Congenital cystic adenomatoid malformation (CCAM) is a rare fetal developmental abnormality of the lung. First described by Ch'in and Tang in 1949, 2 it is characterized by abnormal development of terminal respiratory structures, resulting in an adenomatoid proliferation of bronchiolar elements and cyst formation. 11, 18, 19 CCAM is observed mainly during the neonatal period and infancy and can be diagnosed prenatally by ultrasonography after 16 weeks of gestation. 9, 10, 13, 14 CCAM lesions are believed to be a consequence of abnormal embryogenesis during the first 6 to 7 weeks of pregnacy. 18
Stoker et al. 18, 19 classified CCAM into three types based on clinical and histologic criteria. In the neonatal period, the expansion of cysts and the compression of surrounding lung parenchyma cause progressive respiratory distress. 18, 19 Moreover, emphysema-related lung masses also cause dyspnea, eventually leading to death. 18, 19 Fetuses with CCAM tend to be born prematurely or are stillborn. 12 Due to the severity and impact of this disorder, numerous clinical and pathologic studies in humans have focused on determining the pathologic mechanisms underlying CCAM and the clinical management of CCAM. 1, 4, 8, 15– 17 Although CCAM is well characterized in humans, CCAM or CCAM-like pathogenesis has not been reported in animals. To our knowledge, we report here the first case of CCAM in a nonhuman primate, as demonstrated through histopathologic analyses of a neonatal cynomolgus monkey.

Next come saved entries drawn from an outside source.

(* Let $C\subset\mathbb P^n_K$ be a projective curve (closed subscheme of dimension $1$) over an algebraically closed field $K$ whose $h$-vector is positive. Then the arithmetic genus $g$ of $C$ is non-negative.
   Context: Let $S=K[x_0,\dots,x_n]$ and $I$ the saturated ideal of $C$. The Hilbert series $\sum_t\dim_K(S/I)_tz^t$ equals $h(z)/(1-z)^2$ with $h(z)=h_0+\dots+h_sz^s$, $h_s\ne0$; $(h_0,\dots,h_s)$ is the $h$-vector, positive if $h_i>0$ for all $i$. The Hilbert polynomial of $C$ is $P_C(t)=\deg(C)\,t+1-g$, which defines the arithmetic genus $g$. *)

From mathcomp Require Import all_boot all_order all_algebra.
From mathcomp Require Import mpoly.
Set Implicit Arguments.
Unset Strict Implicit.
Unset Printing Implicit Defensive.
Import GRing.Theory Num.Theory.
Local Open Scope ring_scope.

(* The polynomial ring S = K[x_0, ..., x_n] is {mpoly K[n.+1]}. *)

Definition is_ideal (K : fieldType) (n : nat) (I : pred {mpoly K[n.+1]}) : Prop :=
  [/\ 0 \in I,
      (forall f g, f \in I -> g \in I -> f + g \in I) &
      (forall f g, g \in I -> f * g \in I)].

Definition is_homogeneous_ideal (K : fieldType) (n : nat)
  (I : pred {mpoly K[n.+1]}) : Prop :=
  is_ideal I /\ forall f d, f \in I -> pihomog mdeg d f \in I.

(* I is saturated w.r.t. the irrelevant ideal m = (x_0,...,x_n):
   (I : m^oo) = I, i.e. if m^k f is contained in I for some k then f is in I.
   m^k is the ideal spanned by the homogeneous polynomials of degree k. *)
Definition is_saturated (K : fieldType) (n : nat) (I : pred {mpoly K[n.+1]}) : Prop :=
  forall f, (exists k : nat, forall g, g \is k.-homog -> g * f \in I) -> f \in I.

(* A family of m homogeneous polynomials of degree t whose classes in
   (S/I)_t are K-linearly independent. *)
Definition indep_mod (K : fieldType) (n : nat) (I : pred {mpoly K[n.+1]})
  (t m : nat) : Prop :=
  exists F : 'I_m -> {mpoly K[n.+1]},
    (forall i, F i \is t.-homog) /\
    forall c : 'I_m -> K, (\sum_(i < m) c i *: F i) \in I -> forall i, c i = 0.

(* hilb_fn I t m : dim_K (S/I)_t = m. *)
Definition hilb_fn (K : fieldType) (n : nat) (I : pred {mpoly K[n.+1]})
  (t m : nat) : Prop :=
  indep_mod I t m /\ ~ indep_mod I t m.+1.

(* Coefficients of h(z) = (1-z)^2 * sum_t HF(t) z^t, i.e. the second
   difference of the Hilbert function (with HF(-1) = HF(-2) = 0). *)
Definition hvec (HF : nat -> nat) (i : nat) : int :=
  match i with
  | 0 => (HF 0)%:Z
  | 1 => (HF 1)%:Z - 2 * (HF 0)%:Z
  | k.+2 => (HF k.+2)%:Z - 2 * (HF k.+1)%:Z + (HF k)%:Z
  end.

Definition hvec_positive (HF : nat -> nat) : Prop :=
  exists s : nat, (forall i, (i <= s)%N -> 0 < hvec HF i) /\
                  (forall i, (s < i)%N -> hvec HF i = 0).

(* The Hilbert polynomial of S/I is deg * t + 1 - g with deg > 0
   (so C has dimension 1); this defines the arithmetic genus g. *)
Definition hilb_poly_curve (HF : nat -> nat) (deg : nat) (g : int) : Prop :=
  (0 < deg)%N /\
  exists t0 : nat, forall t : nat, (t0 <= t)%N ->
    (HF t)%:Z = (deg * t)%:Z + 1 - g.

From mathcomp Require Import all_boot all_order all_algebra.
From mathcomp Require Import mpoly.
From mathcomp Require Import ring.
Set Implicit Arguments.
Unset Strict Implicit.
Local Open Scope ring_scope.
Import Order.TTheory GRing.Theory Num.Theory.

(* With H the Hilbert function, the quantity
   Q(t) = H(t+1) - (t+1) (H(t+1) - H(t)) satisfies Q(0) = H(0) and
   Q(t+1) = Q(t) - (t+1) h_(t+2), so it is non-increasing when the h-vector is
   non-negative.  Since (S/I)_0 is a quotient of K we have H(0) <= 1, and for
   large t, where H(t) = deg t + 1 - g, one computes Q(t) = 1 - g. *)

Lemma dhomog0_mpolyC (K : fieldType) (n : nat) (p : {mpoly K[n]}) :
  p \is 0.-homog -> p = (p@_0%MM)%:MP.
Proof.
move=> hp; apply/mpolyP=> m; rewrite mcoeffC.
have [->|nz] := eqVneq m 0%MM; first by rewrite mulr1.
by rewrite mulr0; apply: (dhomog_nemf_coeff hp); rewrite mdeg_eq0.
Qed.

Lemma indep_mod0_le1 (K : fieldType) (n : nat) (I : pred {mpoly K[n.+1]})
  (m : nat) : 0 \in I -> indep_mod I 0 m -> (m <= 1)%N.
Proof.
move=> I0 [F [F0 Find]]; rewrite leqNgt; apply/negP => m_gt1.
pose i0 := Ordinal (ltnW m_gt1); pose i1 := Ordinal m_gt1.
have i10 : i1 != i0 by [].
set a := (F i0)@_0%MM; set b := (F i1)@_0%MM.
have Fi0 : F i0 = a%:MP by apply: dhomog0_mpolyC.
have Fi1 : F i1 = b%:MP by apply: dhomog0_mpolyC.
have [a0|a_neq0] := eqVneq a 0.
  pose c i := if i == i0 then 1 else 0 : K.
  have := Find c; rewrite (bigD1 i0) //= big1 => [|i /negbTE i_neq0]; last first.
    by rewrite /c i_neq0 scale0r.
  rewrite /c eqxx scale1r addr0 Fi0 a0 => /(_ I0 i0).
  by rewrite eqxx => /eqP; rewrite oner_eq0.
(* the two constants a and b are linearly dependent: b a - a b = 0 *)
pose c i := if i == i0 then b else if i == i1 then - a else 0.
have := Find c; rewrite (bigD1 i0) //= (bigD1 i1) //= big1; last first.
  by move=> i /andP[/negbTE i_neq1 /negbTE i_neq0]; rewrite /c i_neq1 i_neq0 scale0r.
rewrite /c eqxx (negbTE i10) eqxx Fi0 Fi1 addr0 -!mul_mpolyC -!mpolyCM.
rewrite mulNr mulrC -mpolyCD subrr => /(_ I0 i1).
by rewrite (negbTE i10) eqxx => /eqP; rewrite oppr_eq0 (negbTE a_neq0).
Qed.

Lemma hilb_fn0_le1 (K : fieldType) (n : nat) (I : pred {mpoly K[n.+1]})
  (m : nat) : is_ideal I -> hilb_fn I 0 m -> (m <= 1)%N.
Proof. by case=> I0 _ _ [Hm _]; apply: indep_mod0_le1 Hm. Qed.

Lemma hvec_positive_ge0 (HF : nat -> nat) :
  hvec_positive HF -> forall i, 0 <= hvec HF i.
Proof.
case=> s [hpos hzero] i; have [i_le_s|s_lt_i] := leqP i s.
  exact/ltW/hpos.
by rewrite hzero.
Qed.

Definition hilb_defect (HF : nat -> nat) (t : nat) : int :=
  (HF t.+1)%:Z - (t.+1)%:Z * ((HF t.+1)%:Z - (HF t)%:Z).

Lemma hilb_defect0 (HF : nat -> nat) : hilb_defect HF 0 = (HF 0)%:Z.
Proof. by rewrite /hilb_defect; ring. Qed.

Lemma hilb_defectS (HF : nat -> nat) (t : nat) :
  hilb_defect HF t.+1 = hilb_defect HF t - (t.+1)%:Z * hvec HF t.+2.
Proof. by rewrite /hilb_defect /hvec; ring. Qed.

Lemma hilb_defect_le_HF0 (HF : nat -> nat) :
  (forall i, 0 <= hvec HF i) -> forall t, hilb_defect HF t <= (HF 0)%:Z.
Proof.
move=> hvec_ge0; elim=> [|t IHt]; first by rewrite hilb_defect0.
rewrite hilb_defectS (le_trans _ IHt) // lerBlDr lerDl.
exact: mulr_ge0.
Qed.

Lemma hilb_defect_affine (HF : nat -> nat) (d t : nat) (c : int) :
  (HF t)%:Z = (d * t)%:Z + c -> (HF t.+1)%:Z = (d * t.+1)%:Z + c ->
  hilb_defect HF t = c.
Proof.
by rewrite /hilb_defect => -> ->; rewrite !PoszM -addn1 PoszD; ring.
Qed.

Theorem proposition1p4 (K : closedFieldType) (n : nat)
  (I : pred {mpoly K[n.+1]})
  (HI : is_homogeneous_ideal I) (Hsat : is_saturated I)
  (HF : nat -> nat) (HHF : forall t, hilb_fn I t (HF t))
  (deg : nat) (g : int) (Hcurve : hilb_poly_curve HF deg g)
  (Hpos : hvec_positive HF) :
  0 <= g.
Proof.
have HF0_le1 : (HF 0)%:Z <= 1 by rewrite lez_nat; exact: hilb_fn0_le1 HI.1 (HHF 0).
case: Hcurve => _ [t0 Ht0].
have defect_t0 : hilb_defect HF t0 = 1 - g.
  by apply: hilb_defect_affine; rewrite addrA; apply: Ht0.
have := hilb_defect_le_HF0 (hvec_positive_ge0 Hpos) t0.
rewrite defect_t0 => /le_trans/(_ HF0_le1).
by rewrite lerBlDr lerDl.
Qed.
(* Let $n\ge4$. The set $\{g_1,\dots,g_{n-3},h_1\}$ yields a duality on the algebra $\mathbf C_n$; that is, for the alter ego $(C_n;g_1,\dots,g_{n-3},h_1,\mathscr T)$, the evaluation map $e_{\mathbf C_n}\colon\mathbf C_n\to ED(\mathbf C_n)$ is an isomorphism.
   Context: $\mathbf C_n$ is the Heyting algebra whose universe is the chain $\{0<1<\dots<n-1\}$, with lattice operations min and max, $\bot=0$, $\top=n-1$, and $a\to b=\top$ if $a\le b$, $a\to b=b$ if $b<a$. $\mathcal G_n$ is the class of algebras isomorphic to subalgebras of direct powers of $\mathbf C_n$; $\mathcal G_n(\mathbf A,\mathbf C_n)$ is the set of Heyting homomorphisms $\mathbf A\to\mathbf C_n$. $h_1$ is the endomorphism of $\mathbf C_n$ with $h_1(k)=k+1$ for $1\le k<n-1$ and $h_1(k)=k$ for $k\in\{0,n-1\}$. For $1\le i\le n-3$, $g_i$ is the partial endomorphism with domain $C_n\setminus\{i\}$ given by $g_i(i+1)=i$ and $g_i(k)=k$ for $k\notin\{i,i+1\}$. Natural duality set-up: an alter ego here is $(C_n;P,\mathscr T)$ with $P$ a set of total and partial endomorphisms of $\mathbf C_n$ (homomorphisms from subalgebras of $\mathbf C_n$ into $\mathbf C_n$) and $\mathscr T$ discrete. Powers carry the product topology and pointwise-lifted operations: for $p\in P$, $p^S(x)=p\circ x$, defined iff $x(s)\in\operatorname{dom}p$ for all $s\in S$. A substructure is a subset closed under all these (partial) operations wherever defined. $\mathcal X$ is the class of topological structures isomorphic to closed substructures of powers (empty one included); morphisms are continuous maps $\varphi$ preserving total operations and, for partial $p$, such that $x\in\operatorname{dom}p^{\mathbf X}$ implies $\varphi(x)\in\operatorname{dom}p^{\mathbf Y}$ and $\varphi(p^{\mathbf X}(x))=p^{\mathbf Y}(\varphi(x))$. For $\mathbf A\in\mathcal G_n$, $D(\mathbf A)=\mathcal G_n(\mathbf A,\mathbf C_n)$ viewed as a closed substructure of the power with exponent $A$; for $\mathbf X\in\mathcal X$, $E(\mathbf X)$ is the set of $\mathcal X$-morphisms from $\mathbf X$ to the alter ego, a subalgebra of $\mathbf C_n^X$. The evaluation $e_{\mathbf A}\colon\mathbf A\to ED(\mathbf A)$, $e_{\mathbf A}(a)(x)=x(a)$, is always an embedding; $P$ yields a duality on $\mathbf A$ if $e_{\mathbf A}$ is surjective. *)

From mathcomp Require Import all_boot all_order.
Set Implicit Arguments. Unset Strict Implicit. Unset Printing Implicit Defensive.
Import Order.TTheory.
Local Open Scope order_scope.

A male cynomolgus monkey (Macaca fascicularis) born in our colony died naturally 17 days after birth. The animal was housed in an individual cage with its mother and maintained according to the National Institute of Biomedical Innovation rules and guidelines for experimental animal welfare. The mother monkey had the experience to raise another 6 baby monkeys. In this case, the mother monkey embraced her baby as usual, and the lactation also was observed. After birth, breeding staff members observed the baby monkey to check its health status; however, they could not find any abnormalities until 3 days before it died. Necropsy was performed. Tissues were fixed in 10% neutral-buffered formalin, processed conventionally, embedded in paraffin, cut into 3-μm–thick sections, and stained with hematoxylin and eosin. Lung tissues were also stained with periodic acid–Schiff (PAS), Alcian blue (AB), Masson's trichrome, and elastica van Gieson stains.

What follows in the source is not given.